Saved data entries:

┌──

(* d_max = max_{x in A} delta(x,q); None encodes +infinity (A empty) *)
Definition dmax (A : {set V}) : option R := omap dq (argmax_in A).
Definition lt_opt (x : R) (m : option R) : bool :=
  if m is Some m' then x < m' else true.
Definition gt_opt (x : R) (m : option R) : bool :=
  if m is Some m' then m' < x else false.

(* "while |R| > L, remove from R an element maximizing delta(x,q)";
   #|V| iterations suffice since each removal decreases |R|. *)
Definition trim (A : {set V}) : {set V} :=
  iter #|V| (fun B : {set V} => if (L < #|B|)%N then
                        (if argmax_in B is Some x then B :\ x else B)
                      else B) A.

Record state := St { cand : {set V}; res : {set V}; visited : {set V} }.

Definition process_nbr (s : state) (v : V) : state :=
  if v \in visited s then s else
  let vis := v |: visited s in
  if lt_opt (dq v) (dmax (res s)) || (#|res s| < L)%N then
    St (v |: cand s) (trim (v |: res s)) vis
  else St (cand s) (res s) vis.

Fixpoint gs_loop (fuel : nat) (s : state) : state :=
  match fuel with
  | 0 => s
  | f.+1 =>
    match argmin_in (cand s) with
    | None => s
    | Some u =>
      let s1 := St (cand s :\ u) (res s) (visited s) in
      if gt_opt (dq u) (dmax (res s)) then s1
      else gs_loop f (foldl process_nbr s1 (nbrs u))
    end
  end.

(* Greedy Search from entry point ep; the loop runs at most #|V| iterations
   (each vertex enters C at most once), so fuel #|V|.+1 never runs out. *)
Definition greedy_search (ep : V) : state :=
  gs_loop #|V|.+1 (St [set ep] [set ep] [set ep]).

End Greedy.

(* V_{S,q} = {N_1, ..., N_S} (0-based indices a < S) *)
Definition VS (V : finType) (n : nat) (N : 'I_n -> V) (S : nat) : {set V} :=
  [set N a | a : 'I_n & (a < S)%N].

└──

Task description: Only the lines above starting with the one with "Definition dmax (A" and going through the one with "Definition trim (A" are to be copied, word for word and with both ends kept.

Expected answer:
Definition dmax (A : {set V}) : option R := omap dq (argmax_in A).
Definition lt_opt (x : R) (m : option R) : bool :=
  if m is Some m' then x < m' else true.
Definition gt_opt (x : R) (m : option R) : bool :=
  if m is Some m' then m' < x else false.

(* "while |R| > L, remove from R an element maximizing delta(x,q)";
   #|V| iterations suffice since each removal decreases |R|. *)
Definition trim (A : {set V}) : {set V} :=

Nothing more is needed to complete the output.